Provides that retailers are not liable for an undercollection of sales or use tax if good-faith efforts were made to comply with the law to collect the proper amount of tax on repair, maintenance, and installation services under the new changes pursuant to Section 32.18 of SL 2015-241. This exemption for liability applies between March 1, 2016, and ends December 31, 2016.

Amends GS 105-237.1(a) concerning the compromising of tax liability by the Secretary of Revenue, adding a new subdivision (7) allowing the compromise of tax liability when the taxpayer is a retailer or person under GS Chapter 105, Article 5 (Sales and Use Tax), and the tax assessment is for sales or use tax that was failed to be collected or properly calculated from repair, maintenance, and installation services but the retailer made a good faith effort to comply with the sales and use tax laws. Provides that this only applies to assessments issued from March 1, 2016, through January 1, 2023. 

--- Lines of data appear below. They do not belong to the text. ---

(* Let $G$ be a connected threshold graph of order $n\ge 4$ and size $m$ with $n-1<m<\binom{n}{2}$, let $c$ be its number of type 1 vertices, $(b_1,\ldots,b_z)$ its backwards zero position sequence, $F_1=\sum_{i=1}^z b_i^2$, and $\rho$ the spectral radius of its adjacency matrix. Then \[\rho\ge\frac{c-2+\sqrt{c^2+\frac{4}{c-1}F_1}}{2}.\]
   Context: A threshold graph is a simple graph whose vertices can be ordered $v_1,\ldots,v_n$ so that for each $2\le i\le n$, $v_i$ is either adjacent to all of $v_1,\ldots,v_{i-1}$ (then $a_i=1$) or to none of them (then $a_i=0$); by convention $a_1=1$. Vertex $v_i$ is of type 1 if $a_i=1$ and of type 0 if $a_i=0$; $c$ and $z$ are the numbers of type 1 and type 0 vertices. The backwards zero position sequence $(b_1,\ldots,b_z)$ is defined by letting $b_i$ be the number of type 1 vertices appearing after the $i$-th type 0 vertex in the order $v_1,\ldots,v_n$. *)

From mathcomp Require Import all_boot all_order all_algebra all_field.
Set Implicit Arguments. Unset Strict Implicit. Unset Printing Implicit Defensive.
Import Order.TTheory GRing.Theory Num.Theory.

(* A threshold graph on n vertices is given by its creation sequence
   a = [:: a_1; ...; a_n] (0-indexed in Rocq: a_{i+1} = nth false a i).
   Vertices are 'I_n (vertex i stands for v_{i+1}); for i < j, v_i ~ v_j
   iff a_j = 1, i.e. two distinct vertices are adjacent iff the later one
   has type 1. *)
Definition tg_adj (n : nat) (a : seq bool) : rel 'I_n :=
  fun i j => (i != j) && nth false a (maxn i j).

Definition tg_connected (n : nat) (a : seq bool) : Prop :=
  forall i j : 'I_n, connect (tg_adj a) i j.

Definition tg_size (n : nat) (a : seq bool) : nat :=
  #|[set p : 'I_n * 'I_n | (p.1 < p.2)%N && tg_adj a p.1 p.2]|.

Definition tg_c (a : seq bool) : nat := count id a.

Definition tg_bseq (a : seq bool) : seq nat :=
  [seq count id (drop k.+1 a) | k <- iota 0 (size a) & ~~ nth true a k].

Definition tg_F1 (a : seq bool) : nat := \sum_(b <- tg_bseq a) b ^ 2.

Definition tg_adjmx (n : nat) (a : seq bool) : 'M[algC]_n :=
  \matrix_(i, j) ((tg_adj a i j)%:R)%R.

Local Open Scope ring_scope.

Definition is_spectral_radius (n : nat) (A : 'M[algC]_n) (rho : algC) : Prop :=
  (exists2 l, eigenvalue A l & `|l| = rho) /\
  (forall l, eigenvalue A l -> `|l| <= rho).

From mathcomp Require Import all_boot all_order all_algebra all_field.
From mathcomp Require Import zify ring.
Set Implicit Arguments. Unset Strict Implicit. Unset Printing Implicit Defensive.
Import Order.TTheory GRing.Theory Num.Theory.

(* Rayleigh quotient with a test vector.  Declaring v_1 of type 0 leaves the
   graph unchanged; afterwards there are c' = c - 1 vertices of type 1 and
   F' = F_1 + (c - 1)^2.  Put x_i = lam on type-1 vertices and x_i = b_i (the
   number of later type-1 vertices) on type-0 vertices.  Every edge joins a
   vertex to a later type-1 vertex, so x A x^T = 2 lam (lam c'(c'-1)/2 + F')
   while x x^T = c' lam^2 + F'.  Hence x A x^T = lam x x^T exactly when
   c' lam^2 = c'(c'-1) lam + F', whose positive root is the claimed bound, and
   rho >= x A x^T / x x^T because A is symmetric. *)

Lemma count_drop (s : seq bool) m :
  count id (drop m s) = \sum_(m <= i < size s) nth false s i.
Proof.
elim: s m => [|x s IHs] m; first by rewrite drop_oversize ?big_geq.
case: m => [|m] /=; last by rewrite big_add1 IHs.
by rewrite big_ltn // big_add1 -IHs drop0.
Qed.

Definition tg_b (a : seq bool) (i : nat) : nat := count id (drop i.+1 a).

Lemma tg_F1E a : tg_F1 a = \sum_(0 <= i < size a | ~~ nth false a i) tg_b a i ^ 2.
Proof.
rewrite /tg_F1 /tg_bseq big_map big_filter /index_iota subn0 !(big_mkcond (fun i => ~~ _)).
by apply: eq_big_seq => i; rewrite mem_iota => /andP[_ ia]; rewrite (set_nth_default false).
Qed.

Lemma tg_F1_cons x t : tg_F1 (x :: t) = (~~ x) * count id t ^ 2 + tg_F1 t.
Proof.
by rewrite !tg_F1E big_ltn_cond // big_add1 /tg_b /= drop0; case: x; rewrite /= ?mul1n.
Qed.

Lemma double_sum_tg_b_type1 a :
  2 * \sum_(0 <= i < size a | nth false a i) tg_b a i = tg_c a * (tg_c a).-1.
Proof.
elim: a => [|x t IHt]; first by rewrite big_geq.
rewrite big_ltn_cond // big_add1 /tg_b /= drop0 -/(tg_b t _).
rewrite /tg_c /= in IHt *; case: x => /=; last by rewrite IHt.
by rewrite mulnDr IHt; case: (count id t) => [|k]; nia.
Qed.

Lemma tg_adjmx_cons n x y t : tg_adjmx n (x :: t) = tg_adjmx n (y :: t).
Proof.
apply/matrixP => i j; rewrite !mxE /tg_adj.
have [//|/= ij] := eqVneq i j.
suff : (0 < maxn i j)%N by case: (maxn i j).
by move: ij; rewrite -val_eqE /=; lia.
Qed.

Local Open Scope ring_scope.

Lemma sum_sym_zero_diag (R : nmodType) (G : nat -> nat -> R) n :
  (forall i j, G i j = G j i) -> (forall i, G i i = 0) ->
  \sum_(0 <= i < n) \sum_(0 <= j < n) G i j =
  (\sum_(0 <= i < n) \sum_(i.+1 <= j < n) G i j) *+ 2.
Proof.
move=> Gsym G0; elim: n => [|n IHn]; first by rewrite !big_geq // mul0rn.
have upperE : \sum_(0 <= i < n.+1) \sum_(i.+1 <= j < n.+1) G i j =
    \sum_(0 <= i < n) \sum_(i.+1 <= j < n) G i j + \sum_(0 <= i < n) G i n.
  rewrite big_nat_recr //= [X in _ + X]big_geq // addr0 -big_split /=.
  by apply: eq_big_nat => i /andP[_ lt_in]; rewrite big_nat_recr.
have fullE : \sum_(0 <= i < n.+1) \sum_(0 <= j < n.+1) G i j =
    \sum_(0 <= i < n) \sum_(0 <= j < n) G i j + (\sum_(0 <= i < n) G i n) *+ 2.
  under eq_bigr do rewrite big_nat_recr //.
  rewrite big_split /= big_nat_recr //= big_nat_recr //= G0 addr0 mulr2n !addrA.
  by congr (_ + _ + _); apply: eq_bigr => i _; rewrite Gsym.
by rewrite fullE upperE IHn mulrnDl.
Qed.

Lemma tg_adjmx_form n a (f : nat -> algC) :
  (\row_(i < n) f i *m tg_adjmx n a *m (\row_(i < n) f i)^T) 0 0 =
  (\sum_(0 <= j < n) f j * \sum_(j.+1 <= i < n) (nth false a i)%:R * f i) *+ 2.
Proof.
pose G (i j : nat) : algC := f i * ((i != j) && nth false a (maxn i j))%:R * f j.
have Gsym i j : G i j = G j i by rewrite /G eq_sym maxnC; ring.
have -> : (\row_(i < n) f i *m tg_adjmx n a *m (\row_(i < n) f i)^T) 0 0 =
    \sum_(0 <= i < n) \sum_(0 <= j < n) G i j.
  rewrite mxE big_mkord; apply: eq_bigr => j _; rewrite !mxE big_mkord mulr_suml.
  by apply: eq_bigr => i _; rewrite !mxE /tg_adj Gsym.
rewrite sum_sym_zero_diag // => [|i]; last by rewrite /G eqxx mulr0 mul0r.
congr (_ *+ 2); apply: eq_bigr => j _; rewrite mulr_sumr.
apply: eq_big_nat => i /andP[lt_ji _].
by rewrite /G (ltn_eqF lt_ji) (maxn_idPr (ltnW lt_ji)) mulrA.
Qed.

Section NormalMatrixRayleigh.
Local Open Scope sesquilinear_scope.
Variables (C : numClosedFieldType) (n : nat) (A : 'M[C]_n).
Hypothesis normalA : A \is normalmx.
Local Notation P := (spectralmx A).
Local Notation d := (spectral_diag A).

Lemma eigenvalue_spectral_diag i : eigenvalue A (d 0 i).
Proof.
have PA : P *m A = diag_mx d *m P.
  rewrite [X in _ *m X = _](orthomx_spectralP normalA) !mulmxA.
  by rewrite mulmxV ?spectral_unit ?mul1mx.
apply/eigenvalueP; exists (row i P).
  by rewrite -row_mul PA mul_diag_mx; apply/rowP => j; rewrite !mxE.
apply/eqP => /(congr1 (fun v => (v *m P^t*) 0 i)).
rewrite -row_mul (unitarymxP (spectral_unitarymx A)) mul0mx !mxE eqxx.
by move=> /eqP; rewrite oner_eq0.
Qed.

Lemma Re_form_le_spectral_bound (rho : C) (x : 'rV[C]_n) :
  (forall l, eigenvalue A l -> `|l| <= rho) ->
  'Re ((x *m A *m x^t*) 0 0) <= rho * (x *m x^t*) 0 0.
Proof.
move=> rho_bound; have Punitary := spectral_unitarymx A.
set y := x *m P^t*.
have ytE : y^t* = P *m x^t* by rewrite /y trmx_mul map_mxM trmxCK.
have formE : x *m A *m x^t* = y *m diag_mx d *m y^t*.
  by rewrite {1}(orthomx_spectralP normalA) invmx_unitary // ytE /y !mulmxA.
have normE : x *m x^t* = y *m y^t*.
  rewrite ytE /y -!mulmxA (mulmxA _ P) -invmx_unitary // mulVmx ?spectral_unit //.
  by rewrite mul1mx.
rewrite formE normE; clearbody y.
rewrite mul_mx_diag !mxE raddf_sum /= mulr_sumr; apply: ler_sum => j _; rewrite !mxE.
rewrite mulrAC -normCK mulrC ReMr ?realX ?normr_real // ler_wpM2r ?exprn_ge0 //.
exact: le_trans (leif_Re_Creal _).1 (rho_bound _ (eigenvalue_spectral_diag j)).
Qed.
End NormalMatrixRayleigh.

Section TestVector.
Variables (a : seq bool) (lam : algC).
Local Notation n := (size a).
Local Notation b := (tg_b a).

Definition tg_test_vector (i : nat) : algC := if nth false a i then lam else (b i)%:R.
Local Notation f := tg_test_vector.

Lemma tg_sum_type1_const (r : algC) :
  \sum_(0 <= j < n | nth false a j) r = (tg_c a)%:R * r.
Proof.
rewrite /tg_c -sum1_count (big_nth false) natr_sum mulr_suml.
by apply: eq_bigr => j _; rewrite mul1r.
Qed.

Lemma tg_test_vector_above j :
  \sum_(j.+1 <= i < n) (nth false a i)%:R * f i = lam * (b j)%:R.
Proof.
rewrite /tg_b count_drop natr_sum mulr_sumr; apply: eq_bigr => i _.
by rewrite /f; case: nth; rewrite ?mul1r ?mulr1 ?mul0r ?mulr0.
Qed.

Lemma tg_test_vector_dot_b :
  \sum_(0 <= j < n) f j * (b j)%:R =
  lam * (\sum_(0 <= j < n | nth false a j) b j)%:R + (tg_F1 a)%:R.
Proof.
rewrite (bigID (fun j => nth false a j)) /= tg_F1E !natr_sum mulr_sumr.
congr (_ + _); apply: eq_bigr => j; rewrite /f; [by move=> -> | move/negbTE ->].
by rewrite natrX expr2.
Qed.

Lemma tg_test_vector_norm :
  \sum_(0 <= j < n) f j * f j = (tg_c a)%:R * lam ^+ 2 + (tg_F1 a)%:R.
Proof.
rewrite (bigID (fun j => nth false a j)) /= tg_F1E natr_sum -tg_sum_type1_const.
congr (_ + _); apply: eq_bigr => j; rewrite /f; [by move=> -> | move/negbTE ->].
by rewrite natrX expr2.
Qed.

End TestVector.

Section SpectralBound.
Local Open Scope sesquilinear_scope.

Lemma tg_adjmx_normal n a : tg_adjmx n a \is normalmx.
Proof.
have adjE : (tg_adjmx n a)^t* = tg_adjmx n a.
  by apply/matrixP => i j; rewrite !mxE conjC_nat /tg_adj eq_sym maxnC.
by apply/normalmxP; rewrite adjE.
Qed.

Lemma tg_quadratic_root_le_spectral_bound a (lam rho : algC) :
  (forall l, eigenvalue (tg_adjmx (size a) a) l -> `|l| <= rho) ->
  (0 < tg_c a)%N -> 0 < lam ->
  (tg_c a)%:R * lam ^+ 2 = (tg_c a * (tg_c a).-1)%:R * lam + (tg_F1 a)%:R ->
  lam <= rho.
Proof.
move=> rho_bound c_gt0 lam_gt0 lam_root.
set f := tg_test_vector a lam; pose x := \row_(i < size a) f i.
set N := \sum_(0 <= j < size a) f j * f j.
have xtE : x^t* = x^T.
  apply/matrixP => i j; rewrite !mxE /f /tg_test_vector.
  by case: ifP; rewrite ?conjC_nat ?(conj_Creal (gtr0_real lam_gt0)).
have normE : (x *m x^T) 0 0 = N.
  by rewrite mxE /N big_mkord; apply: eq_bigr => i _; rewrite !mxE.
have formE : (x *m tg_adjmx (size a) a *m x^T) 0 0 = lam * N.
  rewrite tg_adjmx_form.
  under eq_big_nat => j _ do rewrite tg_test_vector_above mulrCA.
  rewrite -mulr_sumr tg_test_vector_dot_b /N tg_test_vector_norm lam_root.
  by rewrite -(double_sum_tg_b_type1 a) natrM; ring.
have N_gt0 : 0 < N.
  by rewrite /N tg_test_vector_norm ltr_wpDr ?ler0n ?mulr_gt0 ?ltr0n ?exprn_gt0.
have := Re_form_le_spectral_bound (tg_adjmx_normal _ a) x rho_bound.
have form_real : lam * N \is Num.real by rewrite realM ?gtr0_real.
by rewrite xtE formE normE (Creal_ReP _ form_real) ler_pM2r.
Qed.

End SpectralBound.

Lemma sqrtC_quadratic_root (C : numClosedFieldType) (c F lam : C) : c != 1 ->
  lam = (c - 2 + sqrtC (c ^+ 2 + 4 / (c - 1) * F)) / 2 ->
  (c - 1) * lam ^+ 2 = (c - 1) * (c - 2) * lam + ((c - 1) ^+ 2 + F).
Proof.
rewrite -subr_eq0 => c1_neq0 ->; set D := _ + _ * F; set s := sqrtC D.
apply/eqP; rewrite -subr_eq0.
have -> : (c - 1) * ((c - 2 + s) / 2) ^+ 2 -
    ((c - 1) * (c - 2) * ((c - 2 + s) / 2) + ((c - 1) ^+ 2 + F)) =
    (c - 1) / 4 * (s ^+ 2 - D).
  by rewrite /D; field.
by rewrite /s sqrtCK subrr mulr0.
Qed.

Theorem theorem6p1 (n : nat) (a : seq bool) (rho : algC) :
  size a = n ->
  nth false a 0 = true ->
  (4 <= n)%N ->
  tg_connected n a ->
  (n.-1 < tg_size n a < 'C(n, 2))%N ->
  is_spectral_radius (tg_adjmx n a) rho ->
  ((tg_c a)%:R - 2 + sqrtC ((tg_c a)%:R ^+ 2 + 4 / ((tg_c a)%:R - 1) * (tg_F1 a)%:R)) / 2
    <= rho.
Proof.
move=> <- a0 _ _ _ [[l0 _ l0_rho] rho_bound].
case: a a0 rho_bound => [//|_ t /= ->] rho_bound.
rewrite /tg_c /= add1n; case k_def: (count id t) => [|k].
  (* c = 1: the junk value 4 / 0 = 0 makes the bound 0. *)
  rewrite subrr invr0 mulr0 mul0r addr0 expr1n sqrtC1 -l0_rho.
  by rewrite [X in X / 2](_ : _ = 0) ?mul0r //; ring.
have c2E : k.+2%:R - 2 = k%:R :> algC by rewrite -addn2 natrD addrK.
have c1E : k.+2%:R - 1 = k.+1%:R :> algC by rewrite -addn1 natrD addrK.
set lam := (_ / 2).
have lam_gt0 : 0 < lam.
  rewrite divr_gt0 // c2E ltr_wpDl ?ler0n // sqrtC_gt0 c1E.
  by rewrite ltr_wpDr ?mulr_ge0 ?invr_ge0 ?ler0n ?exprn_gt0.
(* Regard v_1 as a vertex of type 0. *)
apply: (tg_quadratic_root_le_spectral_bound (a := false :: t)) lam_gt0 _.
- by rewrite (tg_adjmx_cons _ false true).
- by rewrite /tg_c /= k_def.
rewrite /tg_c /= k_def tg_F1_cons /= k_def add0n.
have c_neq1 : k.+2%:R != 1 :> algC by rewrite pnatr_eq1.
have := sqrtC_quadratic_root (F := (tg_F1 (true :: t))%:R) c_neq1 (erefl lam).
by rewrite c1E c2E tg_F1_cons mul0n add0n mul1n natrD natrM natrX => ->.
Qed.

Amends GS 105-164.4H(c), which provides that the amount of tax separately stated on an invoice by a real property contractor is an erroneous collection and must be remitted to the secretary, deleting language which stated that in such cases the provisions of GS 105-164.11(a)(2), concerning offsetting of tax liability by using overcollected taxes, don't apply. Effective January 1, 2015. 

Amends GS 105-164.3, definitions for GS Chapter 105, Article 5, Sales and Use Tax, adding and defining several new terms for the Article, including alteration service, house cleaning and janitorial services, installation service, landscaping service, maintenance service, motor vehicle service contract, and repair service. Makes some organizational changes and deletes the terms repair, maintenance, and installation service (term is now separated out to three new terms) and retail trade. Deletes language from the definition for retailer that defined a retailer as a person engaged in the business of delivering, erecting, installing, or applying tangible personal property that does not become part of real property, with certain exceptions (also deleted). Adds further clarifying language to the definition of sale or selling. Amends the definition for sales price, adding a new subdivision which excludes "a fee for an inspection required by law" from being included under the term "sales price." Makes additional changes to the definition for service contract, clarifying that a service contract can be for a period of time or some other defined measure (previously, only stated for a period of time). Also, adds language that the term does not include a motor vehicle service contract or a contract for a single repair transaction. Amends the term "real property contractor" to no longer exclude a person in retail trade. Effective January 1, 2017.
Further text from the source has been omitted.